(Data for analysis):
(* Let $T>0$ and let $(X^N)_{N\ge1}$ be a sequence of real-valued stochastic processes with càdlàg paths on $[0,T]$. Suppose that $\sup_{N\ge1}\mathbb E[(X^N(0))^2+(X^N(T))^2]<\infty$, and that there exist $\alpha>1/2$, $\beta>1/2$ and a nondecreasing continuous function $G$ with $G(0)=0$ such that for all $0\le r\le s\le t\le T$, all $N\ge1$ and all $\lambda>0$, $$\mathbb P\big(|X^N(s)-X^N(r)|\wedge|X^N(t)-X^N(s)|\ge\lambda\big)\le\frac{[G(t)-G(r)]^{2\alpha}}{\lambda^{4\beta}}.$$ Then $\sup_{N\ge1}\mathbb E\big[\sup_{0\le t\le T}|X^N(t)|^2\big]<\infty$. *)

From HB Require Import structures.
From mathcomp Require Import all_boot all_order all_algebra.
From mathcomp Require Import all_classical all_reals all_analysis.
Set Implicit Arguments. Unset Strict Implicit. Unset Printing Implicit Defensive.
Import Order.TTheory GRing.Theory Num.Theory.
Import numFieldNormedType.Exports.
Local Open Scope classical_set_scope.
Local Open Scope ring_scope.

Definition cadlag_on (R : realType) (T : R) (f : R -> R) : Prop :=
  (forall t, 0 <= t -> t < T -> f x @[x --> t^'+] --> f t) /\
  (forall t, 0 < t -> t <= T -> exists l : R, f x @[x --> t^'-] --> l).

Definition sup_sq_on (R : realType) (T : R) (f : R -> R) : \bar R :=
  ereal_sup [set ((f t) ^+ 2)%:E | t in [set t | 0 <= t <= T]].

(* Chaining on a grid which is dyadic for the clock [G t + t].  With
   [mu t = min(|X t - X 0|, |X T - X t|)] one has
   [X t ^ 2 <= 2 (X 0 ^ 2 + X T ^ 2) + 2 mu t ^ 2], and [mu t ^ 2] is bounded
   by the layers [2 ^ i <= mu t] weighted by [3 * 4 ^ i].  If every triple of
   consecutive points of level [k + 1] has minimal increment below
   [2 ^ i (1 - theta) / 2 * theta ^ k], then by chaining every grid point, and
   by right continuity every [t], lies within [2 ^ i / 2] of [X 0] or [X T];
   so the layer [i] forces one of these exceedances.  The hypothesis bounds
   their probability by [((G T + T) / 2 ^ k) ^ (2 alpha) / threshold ^ (4 beta)],
   and summing over the [2 ^ (k + 1)] triples, the levels and the layers gives
   a double geometric series because [alpha, beta > 1/2].  Bounding the
   supremum pointwise by a series of indicators avoids any measurability
   question for it. *)

From HB Require Import structures.
From mathcomp Require Import all_boot all_order all_algebra.
From mathcomp Require Import all_classical all_reals all_analysis.
From mathcomp Require Import ring lra zify measurable_realfun.
Import Order.TTheory GRing.Theory Num.Theory.
Import numFieldNormedType.Exports.
Local Open Scope classical_set_scope.
Local Open Scope ring_scope.

Set Implicit Arguments.
Unset Strict Implicit.
Unset Printing Implicit Defensive.

(* Unlike [ge0_le_integral], no measurability is required: the integral of a
   nonnegative function is the supremum of the integrals of its simple minorants. *)
Lemma ge0_le_integral_nonmeas (R : realType) (d : measure_display)
    (Omega : measurableType d) (mu : {measure set Omega -> \bar R})
    (f g : Omega -> \bar R) :
  (forall x, (0 <= f x)%E) -> (forall x, (f x <= g x)%E) ->
  (\int[mu]_x f x <= \int[mu]_x g x)%E.
Proof.
move=> f0 fg; have g0 x : (0 <= g x)%E by exact: le_trans (f0 x) (fg x).
rewrite !ge0_integralE// !patch_setT.
apply: le_ereal_sup => _ [h hf <-]; exists h => //= x.
exact: le_trans (hf x) (fg x).
Qed.

Lemma nneseries_geometric_le (R : realType) (a z : R) : 0 <= a -> 0 < z < 1 ->
  (\sum_(n <oo) (a * z ^+ n)%:E <= (a / (1 - z))%:E)%E.
Proof.
move=> a0 /andP[z0 z1]; apply: lime_le.
  by apply: is_cvg_nneseries => n _ _; rewrite lee_fin mulr_ge0// exprn_ge0// ltW.
apply: nearW => n; rewrite sumEFin lee_fin.
by apply: geometric_le_lim; rewrite ?gtr0_norm.
Qed.

Lemma nneseries_ge_term (R : realType) (f : nat -> \bar R) k :
  (forall n, (0 <= f n)%E) -> (f k <= \sum_(n <oo) f n)%E.
Proof.
move=> f0; apply: le_trans (nneseries_lim_ge k.+1 (fun n _ _ => f0 n)).
by rewrite big_nat_recr//= leeDr// sume_ge0.
Qed.

Lemma sume_nat_ge_term (R : realDomainType) (f : nat -> \bar R) m k :
  (forall n, (0 <= f n)%E) -> (k < m)%N -> (f k <= \sum_(0 <= n < m) f n)%E.
Proof.
move=> f0 km; rewrite (bigD1_seq k) ?mem_index_iota ?iota_uniq//=.
by rewrite leeDl// sume_ge0.
Qed.

Lemma powR_exprn (R : realType) (a p : R) (k : nat) :
  0 <= a -> (a ^+ k) `^ p = (a `^ p) ^+ k.
Proof. by move=> a0; rewrite -powR_mulrn// powRAC powR_mulrn// powR_ge0. Qed.

Lemma ltr_powR (R : realType) (a : R) : 1 < a -> {homo powR a : x y / x < y}.
Proof.
move=> a1 x y xy.
by rewrite /powR gt_eqF ?(lt_trans ltr01)// ltr_expR ltr_pM2r// ln_gt0.
Qed.

Lemma exists_chaining_ratio (R : realType) (alpha beta : R) :
  1 / 2 < alpha -> 0 < beta ->
  exists2 theta : R, 0 < theta < 1 & 2 < 2 `^ (2 * alpha) * theta `^ (4 * beta).
Proof.
move=> alpha_gt beta_gt0; set a := 2 `^ (2 * alpha).
have a_gt2 : 2 < a by rewrite -[X in X < _]powRr1// ltr_powR// ?ltr1n//; lra.
have a_gt0 : 0 < a by rewrite (lt_trans _ a_gt2).
set c := (1 + 2 / a) / 2.
have c_gt : 2 / a < c.
  by rewrite /c ltr_pdivlMr// mulr_natr mulr2n ltrD2r ltr_pdivrMr ?mul1r//; lra.
have c_lt1 : c < 1 by rewrite /c ltr_pdivrMr// mul1r ltrD2l ltr_pdivrMr ?mul1r//; lra.
have c_gt0 : 0 < c by rewrite (le_lt_trans _ c_gt)// divr_ge0//; lra.
have b0 : 0 < 4 * beta by rewrite mulr_gt0.
exists (c `^ (4 * beta)^-1).
  rewrite powR_gt0//=; have := @gt0_ltr_powR R (4 * beta)^-1 _ c 1.
  by rewrite powR1 invr_gt0 !nnegrE ler01 ltW// => /(_ b0 isT isT c_lt1).
by rewrite -powRrM mulVf ?gt_eqF// powRr1 ?(ltW c_gt0)// -ltr_pdivrMl// mulrC.
Qed.

Lemma dyadic_term_eq (R : realType) (L c theta p q : R) (i k : nat) :
  0 <= L -> 0 < c -> 0 < theta ->
  (2 ^ k.+1)%:R * (6 * 4 ^+ i * ((L / 2 ^+ k) `^ p / (2 ^+ i * (c * theta ^+ k)) `^ q))
  = 12 * L `^ p / c `^ q * (4 / 2 `^ q) ^+ i * (2 / (2 `^ p * theta `^ q)) ^+ k.
Proof.
move=> L0 c0 theta0; have pow2k_gt0 : 0 < (2 : R) ^+ k by rewrite exprn_gt0.
have -> : (L / 2 ^+ k) `^ p = L `^ p / (2 `^ p) ^+ k.
  rewrite powRM ?invr_ge0 ?exprn_ge0// -powR_inv1 ?exprn_ge0//.
  by rewrite powRAC powR_inv1 ?powR_ge0// powR_exprn.
rewrite !powRM ?exprn_ge0 ?mulr_ge0 ?ltW ?exprn_gt0// !powR_exprn ?ltW//.
have : 2 `^ p != 0 :> R by rewrite gt_eqF// powR_gt0.
have : 2 `^ q != 0 :> R by rewrite gt_eqF// powR_gt0.
have : c `^ q != 0 by rewrite gt_eqF// powR_gt0.
have : theta `^ q != 0 by rewrite gt_eqF// powR_gt0.
move: (2 `^ p) (2 `^ q) (c `^ q) (theta `^ q) => a b cq tq tq0 cq0 b0 a0.
rewrite natrX exprSr !exprMn !exprVn exprMn.
have : a ^+ k != 0 by rewrite expf_neq0.
have : b ^+ i != 0 by rewrite expf_neq0.
have : tq ^+ k != 0 by rewrite expf_neq0.
move: (a ^+ k) (b ^+ i) (tq ^+ k) (2 ^+ k) (4 ^+ i) => ak bi tqk tk fi tqk0 bi0 ak0.
by field; rewrite ak0 bi0 tqk0 cq0.
Qed.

(Task instructions): In the records above, find the line containing "rewrite powRM ?invr_ge0"; please retype it and every line after it through the last line, exactly and with nothing else.

(Solution to the problem):
  rewrite powRM ?invr_ge0 ?exprn_ge0// -powR_inv1 ?exprn_ge0//.
  by rewrite powRAC powR_inv1 ?powR_ge0// powR_exprn.
rewrite !powRM ?exprn_ge0 ?mulr_ge0 ?ltW ?exprn_gt0// !powR_exprn ?ltW//.
have : 2 `^ p != 0 :> R by rewrite gt_eqF// powR_gt0.
have : 2 `^ q != 0 :> R by rewrite gt_eqF// powR_gt0.
have : c `^ q != 0 by rewrite gt_eqF// powR_gt0.
have : theta `^ q != 0 by rewrite gt_eqF// powR_gt0.
move: (2 `^ p) (2 `^ q) (c `^ q) (theta `^ q) => a b cq tq tq0 cq0 b0 a0.
rewrite natrX exprSr !exprMn !exprVn exprMn.
have : a ^+ k != 0 by rewrite expf_neq0.
have : b ^+ i != 0 by rewrite expf_neq0.
have : tq ^+ k != 0 by rewrite expf_neq0.
move: (a ^+ k) (b ^+ i) (tq ^+ k) (2 ^+ k) (4 ^+ i) => ak bi tqk tk fi tqk0 bi0 ak0.
by field; rewrite ak0 bi0 tqk0 cq0.
Qed.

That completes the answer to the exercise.